CLSM images of iPP particles with adsorbed nanofibrils

The WAXD results suggest that cleavage occurred at the (1 1 0) plane in nanofibrils derived from cellulose II. Yamane et al. used molecular mechanics simulations to investigate the surface properties of cellulose II. They reported that the \(\left(1\; \overline{1 }\; 0\right)\) plane is hydrophilic, and the (1 1 0) plane is more hydrophobic, in cellulose II [27]. During ACC treatment of cellulose II, the hydrophobic (1 1 0) plane is probably exposed, as in the case of cellulose I. However, in the case of cellulose II, hydrogen bonds are also present between molecular chain sheets; therefore, this plane is probably less hydrophobic than the (2 0 0) plane of cellulose I.

Conclusion

The behavior of mercerized CNFs obtained by ACC treatment of mercerized cellulose indicates that the surface structure of the mercerized CNFs depends on the crystal structure of the raw material, similarly to the case for conventional native CNFs.
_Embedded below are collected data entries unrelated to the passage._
Lemma norm_avg_le (X : nat -> R) (c : R) :
  (forall i, (1 <= i < t.+1)%N -> `|X i| <= c) ->
  `|t%:R^-1 * \sum_(1 <= i < t.+1) X i| <= c.
Proof.
move=> le_Xc; have t_pos : 0 < t%:R :> R by rewrite ltr0n.
rewrite normrM normfV normr_nat mulrC ler_pdivrMr //.
apply: le_trans (ler_norm_sum _ _ _) _; apply: le_trans (ler_sum_nat le_Xc) _.
by rewrite sumr_const_nat subn1 mulr_natr.
Qed.

Lemma norm_regularizer_le (x b : R) :
  `|x| <= b -> `|lam1 / (2 * t%:R) * x| <= lam1 / 2 * b.
Proof.
move=> le_xb; rewrite invfM mulrA normrM ger0_norm; last first.
  by rewrite !mulr_ge0 ?invr_ge0 ?ler0n.
apply: ler_pM => //; first by rewrite !mulr_ge0 ?invr_ge0 ?ler0n.
by rewrite ler_piMr ?mulr_ge0 ?invr_ge0 // invf_le1 ?ler1n ?ltr0n.
Qed.

Lemma surrogate_norm_le L (c f : R) :
  (forall i, (1 <= i < t.+1)%N ->
     `|lhat lam1 lam2 G (ds i) L (rs i) (ss i)| <= c) ->
  frob L ^+ 2 <= f ->
  `|surrogate lam1 lam2 G ds ss rs t L| <= c + lam1 / 2 * f.
Proof.
move=> le_lhat le_frob; apply: le_trans (ler_normD _ _) _.
by rewrite lerD ?norm_avg_le ?norm_regularizer_le ?ger0_norm ?sqr_ge0.
Qed.

Lemma surrogateB L1 L2 :
  surrogate lam1 lam2 G ds ss rs t L1 - surrogate lam1 lam2 G ds ss rs t L2 =
  t%:R^-1 * \sum_(1 <= i < t.+1) (lhat lam1 lam2 G (ds i) L1 (rs i) (ss i)
                                 - lhat lam1 lam2 G (ds i) L2 (rs i) (ss i))
  + lam1 / (2 * t%:R) * (frob L1 ^+ 2 - frob L2 ^+ 2).
Proof. by rewrite /surrogate sumrB; ring. Qed.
The crystal structure of mercerized cellulose differs from that of native cellulose; therefore, it is indicated that the lattice plane at which cleavage begins during ACC treatment also differs. The most probable cleavage plane in cellulose II is the (1 1 0) plane as shown in Fig. 9. This will be clarified in the future using methods, such as double staining [15].

Fig. 9
figure 9

Schematic diagrams of expected cleavage plane in the crystal lattice for cellulose I (left) and cellulose II (right). Double-headed arrows indicate expected cleavage planes

These findings suggest that a surface with various characteristics can be exposed on the CNFs by changing the crystal structures of the original cellulose and subjecting the original material to ACC treatment. This will enable the development of non-chemical surface-modification methods.